Hi @User195 — Max and I are discussing methods in other topics and we have somewhat different (but perhaps not incompatible!) ways of thinking about challenges like yours. Max is advising on statistical issues, which are especially relevant since you opened the topic with a request for a tool that would offer web-based support for statistical operations. My advice would be to go back a few steps and work on the question formulation first, before moving to data gathering and statistical analysis. As an exercise that may help, I would start with the capacities of Zenobase in your mind and think about a project design whose analytical phase used only Zenobase affordances and nothing more. The reason I suggest this (perhaps absurd-seeming) constraint is that @ejain, who wrote and maintains Zenobase, is a very experienced self-researcher and is a member of the QS Forum, so you will not only be starting with a tool that has been made based on a lot of practical knowledge, but its creator may be able to discuss issues with you here.
So, what does this constraint mean? In general, it means you’ll be working with pretty simple time series plots. So your questions should probably not be too complex. You won’t be looking at large numbers of variables and trying to pick up relative effects over arbitrary time windows accounting also for delayed effects and rhythmicity, for instance.

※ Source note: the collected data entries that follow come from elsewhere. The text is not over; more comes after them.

Definition triple_sum (n : nat) (f : nat -> nat -> nat -> V) : V :=
  vsum (iota 0 n.+1) (fun i => vsum (iota 0 n.+1) (fun j => vsum (iota 0 n.+1)
    (fun k => if (i + j + k).+1 == n then f i j k else [::]))).

End QShuffle.

From HB Require Import structures.
From mathcomp Require Import all_boot all_order all_algebra.
From mathcomp Require Import boolp functions zify.
Set Implicit Arguments. Unset Strict Implicit. Unset Printing Implicit Defensive.
Import GRing.Theory.
Local Open Scope ring_scope.

(* Embed V into the algebra of all functions word -> F, where the q-shuffle
   product is the bilinear product determined by (X * Y)[::] = X[::] Y[::] and
     lder a (X * Y) = lder a X * Y + twist a X * lder a Y,
   lder a being the derivative by a first letter a and twist a the scaling
   of each word u by q^<u,a>.  Let G~(t), G(t), W-(t), W+(t), D(t) be the
   generating series of G~_n, G_n, W_{-n}, W_{n+1}, D_n; the recursion for D
   says D(t) G~(t) = 1.  Comparing constant terms and derivatives, by a
   simultaneous induction on words, gives
     G~(q^2 t) W-(t) = W-(q^2 t) G~(t),
     G~(q^2 t) G(t) = 1 + q^2 t W-(q^2 t) W+(t).
   The first relation gives W-(t) D(t) = D(q^2 t) W-(q^2 t), so multiplying
   the second on the left by D(q^2 t) yields
     G(t) = D(q^2 t) + q^2 t W-(t) D(t) W+(t),
   whose coefficient of t^n is the first identity.  The same argument with
   q^-2, where the two relations need no induction, gives the second. *)

Lemma eqbN b : (b == ~~ b) = false. Proof. by case: b. Qed.
Lemma eqNb b : (~~ b == b) = false. Proof. by case: b. Qed.

Lemma sum_if_addn_eq (V : nmodType) N n k (F : nat -> V) : (n < N)%N ->
  \sum_(0 <= l < N) (if (l + k == n)%N then F l else 0) =
  if (k <= n)%N then F (n - k)%N else 0.
Proof.
move=> ltnN; rewrite (eq_bigr (fun l => if l == (n - k)%N then
  (if (k <= n)%N then F l else 0) else 0)) => [|l _]; last first.
  by case: ifP => e1; case: ifP => e2 //; try case: ifP => e3 //; lia.
rewrite -(big_mkcond (pred1 (n - k)%N)) big_nat1_eq /=.
by case: leqP => [le_kn|//]; rewrite ifT //; lia.
Qed.

(** * Formal power series over an algebra *)

(* An alias, since on [nat -> R] the product provided by [functions] is the
   pointwise one; likewise for [qshuffle] below. *)
Definition pseries (R : Type) := nat -> R.

Section PowerSeries.
Variables (K : comNzRingType) (R : algType K).
Implicit Types (f g h : pseries R) (c : K).

HB.instance Definition _ := gen_eqMixin (pseries R).
HB.instance Definition _ := gen_choiceMixin (pseries R).
HB.instance Definition _ := GRing.Lmodule.copy (pseries R) (nat -> R).

Definition pseries_one : pseries R := fun n => (n == 0)%:R.
Definition pseries_mul f g : pseries R :=
  fun n => \sum_(0 <= i < n.+1) f i * g (n - i)%N.

Lemma pseries_mul_box f g N n : (n < N)%N -> pseries_mul f g n =
  \sum_(0 <= i < N) \sum_(0 <= j < N) (if (i + j == n)%N then f i * g j else 0).
Proof.
move=> ltnN; rewrite /pseries_mul (big_nat_widen _ _ _ _ _ ltnN) big_mkcond.
apply: eq_bigr => i _; rewrite (eq_bigr (fun j => if (j + i == n)%N then f i * g j else 0)).
  by rewrite sum_if_addn_eq.
by move=> j _; rewrite addnC.
Qed.

Lemma pseries_mul3l_box f g h N n : (n < N)%N ->
  pseries_mul (pseries_mul f g) h n =
  \sum_(0 <= i < N) \sum_(0 <= j < N) \sum_(0 <= k < N)
    (if (i + j + k == n)%N then f i * g j * h k else 0).
Proof.
move=> ltnN; rewrite (pseries_mul_box _ _ ltnN) exchange_big /=.
rewrite [RHS](eq_bigr (fun i => \sum_(0 <= k < N) \sum_(0 <= j < N)
  (if (i + j + k == n)%N then f i * g j * h k else 0))) => [|i _]; last first.
  exact: exchange_big.
rewrite [RHS]exchange_big /=; apply: eq_bigr => k _.
rewrite sum_if_addn_eq //; case: leqP => le_kn.
  rewrite (pseries_mul_box _ _ (leq_ltn_trans (leq_subr k n) ltnN)) mulr_suml.
  apply: eq_bigr => i _; rewrite mulr_suml; apply: eq_bigr => j _.
  have -> : (i + j + k == n)%N = (i + j == n - k)%N by lia.
  by case: ifP; rewrite ?mul0r.
by symmetry; apply: big1 => i _; apply: big1 => j _; rewrite ifF //; lia.
Qed.

Lemma pseries_mul3r_box f g h N n : (n < N)%N ->
  pseries_mul f (pseries_mul g h) n =
  \sum_(0 <= i < N) \sum_(0 <= j < N) \sum_(0 <= k < N)
    (if (i + j + k == n)%N then f i * g j * h k else 0).
Proof.
move=> ltnN; rewrite (pseries_mul_box _ _ ltnN); apply: eq_bigr => i _.
rewrite (eq_bigr (fun m => if (m + i == n)%N then f i * pseries_mul g h m else 0)).
  rewrite sum_if_addn_eq //; case: leqP => le_in.
    rewrite (pseries_mul_box _ _ (leq_ltn_trans (leq_subr i n) ltnN)) mulr_sumr.
    apply: eq_bigr => j _; rewrite mulr_sumr; apply: eq_bigr => k _.
    have -> : (i + j + k == n)%N = (j + k == n - i)%N by lia.
    by case: ifP; rewrite ?mulr0 ?mulrA.
  by symmetry; apply: big1 => j _; apply: big1 => k _; rewrite ifF //; lia.
by move=> m _; rewrite addnC.
Qed.

Lemma pseries_mulA : associative pseries_mul.
Proof.
move=> f g h; apply: funext => n.
by rewrite (pseries_mul3r_box _ _ _ (ltnSn n)) (pseries_mul3l_box _ _ _ (ltnSn n)).
Qed.

Lemma pseries_mul1l : left_id pseries_one pseries_mul.
Proof.
move=> f; apply: funext => n; rewrite /pseries_mul big_ltn // big1_seq => [|i].
  by rewrite mul1r subn0 addr0.
by rewrite mem_index_iota; case: i => // i _; rewrite /pseries_one mul0r.
Qed.

Lemma pseries_mul1r : right_id pseries_one pseries_mul.
Proof.
move=> f; apply: funext => n; rewrite /pseries_mul big_nat_recr //= subnn mulr1.
rewrite big1_seq ?add0r // => i; rewrite mem_index_iota /pseries_one => lt_in.
have -> : (n - i == 0)%N = false by lia.
by rewrite mulr0.
Qed.

Lemma pseries_mulDl : left_distributive pseries_mul +%R.
Proof.
move=> f g h; apply: funext => n.
transitivity (pseries_mul f h n + pseries_mul g h n) => //.
by rewrite /pseries_mul -big_split; apply: eq_bigr => i _; apply: mulrDl.
Qed.

Lemma pseries_mulDr : right_distributive pseries_mul +%R.
Proof.
move=> f g h; apply: funext => n.
transitivity (pseries_mul f g n + pseries_mul f h n) => //.
by rewrite /pseries_mul -big_split; apply: eq_bigr => i _; apply: mulrDr.
Qed.

HB.instance Definition _ := GRing.Zmodule_isPzRing.Build (pseries R)
  pseries_mulA pseries_mul1l pseries_mul1r pseries_mulDl pseries_mulDr.

Lemma pseries_one_neq0 : (1 : pseries R) != 0.
Proof. by apply/eqP => /(congr1 (fun f : pseries R => f 0%N)) /eqP; rewrite oner_eq0. Qed.

HB.instance Definition _ := GRing.PzSemiRing_isNonZero.Build (pseries R) pseries_one_neq0.

Lemma pseries_scalerAl c f g : c *: (f * g) = (c *: f) * g.
Proof.
apply: funext => n; transitivity (c *: pseries_mul f g n) => //.
by rewrite /pseries_mul scaler_sumr; apply: eq_bigr => i _; apply: scalerAl.
Qed.

HB.instance Definition _ := GRing.Lmodule_isLalgebra.Build K (pseries R) pseries_scalerAl.

Lemma pseries_scalerAr c f g : c *: (f * g) = f * (c *: g).
Proof.
apply: funext => n; transitivity (c *: pseries_mul f g n) => //.
by rewrite /pseries_mul scaler_sumr; apply: eq_bigr => i _; apply: scalerAr.
Qed.

HB.instance Definition _ := GRing.Lalgebra_isAlgebra.Build K (pseries R) pseries_scalerAr.

Lemma pseriesDE f g n : (f + g) n = f n + g n. Proof. by []. Qed.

Instead, you’ll be making some reasonable guesses about what might affect your skin and then collecting observations for some time that will allow you to generate new ideas and also refine the ideas.
The most important thing to track, if you aren’t already, is a measure of the skin irritation. Do you have a quantitative measure of this going already? Have you tested it in practice; that is, are you able to confidently evaluate the severity of the condition using your scale of measurement without causing too much friction in your daily life? If you’ve been doing this for a while, you’ve already made a great step forward! The next step, which you may have already done, is just to plot this single variable to get a feel for the typical range, the frequency and severity of the more extreme measures, and cyclical factors. Just looking at this plot (which Zenobase can make, but so can any spreadsheet program almost), can generate some good ideas to test.
Third step, would be to think about the second or third data source you’d like to use. I’ll stop here in case my advice is misguided. What do you think?
those are issues with just correlation in general.
Since the topic starter asked about correlation my answer is related to correlation, “in general”.
I’ve listed only few issues, but not all fo them. There are more, like heteroscendacity and error term autocorrelation, but they arent easy to understand without stat background. Correlation generally bad at detection non-linear relationships.
Real world is not simple and mostly non-linear, so correlation is not a graal for casual user who knows excel.
You need to look up much more complicated stuff like econometrics cross-correlation and unit root if you want reliable time series correlation.
I’m already reading stat books, most of them have check-up list for correlation / regression analysis assumptions which should be checked and i’ve gone through that list few times. I dont think they should be written and explained in all details in that topic.
Forgot to reply here! But yes, its a bit more than that we let you aggregate the data, we then standardise it and also give you access to sending at-home lab tests via our API. We’ve built integrations with the likes of Libre and several other manufacturers of wearable devices.